* MATERIAL PROVIDED:
┌──
(* Let $>$ be a $\mathcal B$-compatible reduction order. If $(\mathcal E,\varnothing)\vdash^*_{\mathcal I_B}(\varnothing,\mathcal R)$ is a fair run and neither Compose nor Collapse of $\mathcal I_B$ is applicable to $(\varnothing,\mathcal R)$, then $\mathcal R$ is canonical modulo $\mathcal B$.
   Context: Terms over a signature $\mathcal F$ and variables. For a set $\mathcal E$ of pairs of terms (equations and rules read as oriented pairs), $s\to_{\mathcal E}t$ iff $s|_p=\ell\sigma$, $t=s[r\sigma]_p$ for some $(\ell,r)\in\mathcal E$, position $p$, substitution $\sigma$; $\leftarrow$ is the inverse, $\leftrightarrow$ the symmetric closure. $\mathcal B$ is a fixed ES with $\mathrm{Var}(\ell)=\mathrm{Var}(r)$ for all $\ell\approx r\in\mathcal B$; $\sim_{\mathcal B}=\leftrightarrow^*_{\mathcal B}$, $\mathcal B^\pm=\mathcal B\cup\{t\approx s\mid s\approx t\in\mathcal B\}$; $\to_{\mathcal R/\mathcal B}=\sim_{\mathcal B}\cdot\to_{\mathcal R}\cdot\sim_{\mathcal B}$; $s\downarrow^\sim_{\mathcal R}t$ iff $s\to^*_{\mathcal R}\cdot\sim_{\mathcal B}\cdot\leftarrow^*_{\mathcal R}t$. Terminating modulo $\mathcal B$: no infinite $\to_{\mathcal R/\mathcal B}$-sequence; Church–Rosser modulo $\mathcal B$: $\leftrightarrow^*_{\mathcal R\cup\mathcal B}\subseteq\downarrow^\sim_{\mathcal R}$; complete modulo $\mathcal B$: both. A TRS is left-reduced if for every rule $\ell\to r$, $\ell$ is a normal form of the TRS without that rule; right-$\mathcal B$-reduced if for every rule $\ell\to r$, $r$ is a normal form of $\to_{\mathcal R/\mathcal B}$; canonical modulo $\mathcal B$ if complete modulo $\mathcal B$, left-reduced and right-$\mathcal B$-reduced. A $\mathcal B$-compatible reduction order is a well-founded order on terms closed under contexts and substitutions with $\sim_{\mathcal B}\cdot>\cdot\sim_{\mathcal B}\subseteq>$. The inference system $\mathcal I_B$ (parameterized by $>$) on pairs $(\mathcal E,\mathcal R)$ ($\uplus$ disjoint union, $s\approx^\pm t$ means $s\approx t$ or $t\approx s$): Deduce: $(\mathcal E,\mathcal R)\vdash(\mathcal E\cup\{s\approx t\},\mathcal R)$ if $s\leftarrow_{\mathcal R}\cdot\to_{\mathcal R\cup\mathcal B^\pm}t$. Orient: $(\mathcal E\uplus\{s\approx^\pm t\},\mathcal R)\vdash(\mathcal E,\mathcal R\cup\{s\to t\})$ if $s>t$. Delete: $(\mathcal E\uplus\{s\approx t\},\mathcal R)\vdash(\mathcal E,\mathcal R)$ if $s\sim_{\mathcal B}t$. Simplify: $(\mathcal E\uplus\{s\approx^\pm t\},\mathcal R)\vdash(\mathcal E\cup\{u\approx t\},\mathcal R)$ if $s\to_{\mathcal R}u$. Collapse: $(\mathcal E,\mathcal R\uplus\{s\to t\})\vdash(\mathcal E\cup\{u\approx t\},\mathcal R)$ if $s\to_{\mathcal R}u$. Compose: $(\mathcal E,\mathcal R\uplus\{s\to t\})\vdash(\mathcal E,\mathcal R\cup\{s\to u\})$ if $t\to_{\mathcal R}u$. A run for $\mathcal E$ goes from $(\mathcal E_0,\mathcal R_0)=(\mathcal E,\varnothing)$ to $(\mathcal E_n,\mathcal R_n)$; it is fair if $\mathcal R_n$ is left-linear and $\mathrm{PCP}(\mathcal R_n)\cup\mathrm{PCP}^\pm(\mathcal R_n,\mathcal B^\pm)\subseteq\ \downarrow^\sim_{\mathcal R_n}\cup\bigcup_{i=0}^n\leftrightarrow_{\mathcal E_i}$. Critical pairs: for sets of oriented pairs $\mathcal R_1,\mathcal R_2$ (equations of $\mathcal B^\pm$ read as oriented pairs), an overlap is $\langle\ell_1\to r_1,p,\ell_2\to r_2\rangle$ with $\ell_i\to r_i$ variants of elements of $\mathcal R_i$ without common variables, $p$ a non-variable position of $\ell_2$, $\ell_1$ and $\ell_2|_p$ unifiable, and the two rules not variants if $p=\epsilon$; with an mgu $\sigma$ it yields the critical pair $\ell_2\sigma[r_1\sigma]_p\approx r_2\sigma$, prime if all proper subterms of $\ell_2\sigma|_p$ are normal forms w.r.t. the TRS $\mathcal R$ under consideration. $\mathrm{PCP}(\mathcal R)$: prime critical pairs from overlaps of $\mathcal R$ with itself; $\mathrm{PCP}^\pm(\mathcal R,\mathcal B^\pm)$: prime critical pairs from overlaps between $\mathcal R$ and $\mathcal B^\pm$ in either order. *)

From Stdlib Require Import List Relations.
Import ListNotations.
└──
Word for word, transcribe the data shown above.

(* Let $>$ be a $\mathcal B$-compatible reduction order. If $(\mathcal E,\varnothing)\vdash^*_{\mathcal I_B}(\varnothing,\mathcal R)$ is a fair run and neither Compose nor Collapse of $\mathcal I_B$ is applicable to $(\varnothing,\mathcal R)$, then $\mathcal R$ is canonical modulo $\mathcal B$.
   Context: Terms over a signature $\mathcal F$ and variables. For a set $\mathcal E$ of pairs of terms (equations and rules read as oriented pairs), $s\to_{\mathcal E}t$ iff $s|_p=\ell\sigma$, $t=s[r\sigma]_p$ for some $(\ell,r)\in\mathcal E$, position $p$, substitution $\sigma$; $\leftarrow$ is the inverse, $\leftrightarrow$ the symmetric closure. $\mathcal B$ is a fixed ES with $\mathrm{Var}(\ell)=\mathrm{Var}(r)$ for all $\ell\approx r\in\mathcal B$; $\sim_{\mathcal B}=\leftrightarrow^*_{\mathcal B}$, $\mathcal B^\pm=\mathcal B\cup\{t\approx s\mid s\approx t\in\mathcal B\}$; $\to_{\mathcal R/\mathcal B}=\sim_{\mathcal B}\cdot\to_{\mathcal R}\cdot\sim_{\mathcal B}$; $s\downarrow^\sim_{\mathcal R}t$ iff $s\to^*_{\mathcal R}\cdot\sim_{\mathcal B}\cdot\leftarrow^*_{\mathcal R}t$. Terminating modulo $\mathcal B$: no infinite $\to_{\mathcal R/\mathcal B}$-sequence; Church–Rosser modulo $\mathcal B$: $\leftrightarrow^*_{\mathcal R\cup\mathcal B}\subseteq\downarrow^\sim_{\mathcal R}$; complete modulo $\mathcal B$: both. A TRS is left-reduced if for every rule $\ell\to r$, $\ell$ is a normal form of the TRS without that rule; right-$\mathcal B$-reduced if for every rule $\ell\to r$, $r$ is a normal form of $\to_{\mathcal R/\mathcal B}$; canonical modulo $\mathcal B$ if complete modulo $\mathcal B$, left-reduced and right-$\mathcal B$-reduced. A $\mathcal B$-compatible reduction order is a well-founded order on terms closed under contexts and substitutions with $\sim_{\mathcal B}\cdot>\cdot\sim_{\mathcal B}\subseteq>$. The inference system $\mathcal I_B$ (parameterized by $>$) on pairs $(\mathcal E,\mathcal R)$ ($\uplus$ disjoint union, $s\approx^\pm t$ means $s\approx t$ or $t\approx s$): Deduce: $(\mathcal E,\mathcal R)\vdash(\mathcal E\cup\{s\approx t\},\mathcal R)$ if $s\leftarrow_{\mathcal R}\cdot\to_{\mathcal R\cup\mathcal B^\pm}t$. Orient: $(\mathcal E\uplus\{s\approx^\pm t\},\mathcal R)\vdash(\mathcal E,\mathcal R\cup\{s\to t\})$ if $s>t$. Delete: $(\mathcal E\uplus\{s\approx t\},\mathcal R)\vdash(\mathcal E,\mathcal R)$ if $s\sim_{\mathcal B}t$. Simplify: $(\mathcal E\uplus\{s\approx^\pm t\},\mathcal R)\vdash(\mathcal E\cup\{u\approx t\},\mathcal R)$ if $s\to_{\mathcal R}u$. Collapse: $(\mathcal E,\mathcal R\uplus\{s\to t\})\vdash(\mathcal E\cup\{u\approx t\},\mathcal R)$ if $s\to_{\mathcal R}u$. Compose: $(\mathcal E,\mathcal R\uplus\{s\to t\})\vdash(\mathcal E,\mathcal R\cup\{s\to u\})$ if $t\to_{\mathcal R}u$. A run for $\mathcal E$ goes from $(\mathcal E_0,\mathcal R_0)=(\mathcal E,\varnothing)$ to $(\mathcal E_n,\mathcal R_n)$; it is fair if $\mathcal R_n$ is left-linear and $\mathrm{PCP}(\mathcal R_n)\cup\mathrm{PCP}^\pm(\mathcal R_n,\mathcal B^\pm)\subseteq\ \downarrow^\sim_{\mathcal R_n}\cup\bigcup_{i=0}^n\leftrightarrow_{\mathcal E_i}$. Critical pairs: for sets of oriented pairs $\mathcal R_1,\mathcal R_2$ (equations of $\mathcal B^\pm$ read as oriented pairs), an overlap is $\langle\ell_1\to r_1,p,\ell_2\to r_2\rangle$ with $\ell_i\to r_i$ variants of elements of $\mathcal R_i$ without common variables, $p$ a non-variable position of $\ell_2$, $\ell_1$ and $\ell_2|_p$ unifiable, and the two rules not variants if $p=\epsilon$; with an mgu $\sigma$ it yields the critical pair $\ell_2\sigma[r_1\sigma]_p\approx r_2\sigma$, prime if all proper subterms of $\ell_2\sigma|_p$ are normal forms w.r.t. the TRS $\mathcal R$ under consideration. $\mathrm{PCP}(\mathcal R)$: prime critical pairs from overlaps of $\mathcal R$ with itself; $\mathrm{PCP}^\pm(\mathcal R,\mathcal B^\pm)$: prime critical pairs from overlaps between $\mathcal R$ and $\mathcal B^\pm$ in either order. *)

From Stdlib Require Import List Relations.
Import ListNotations.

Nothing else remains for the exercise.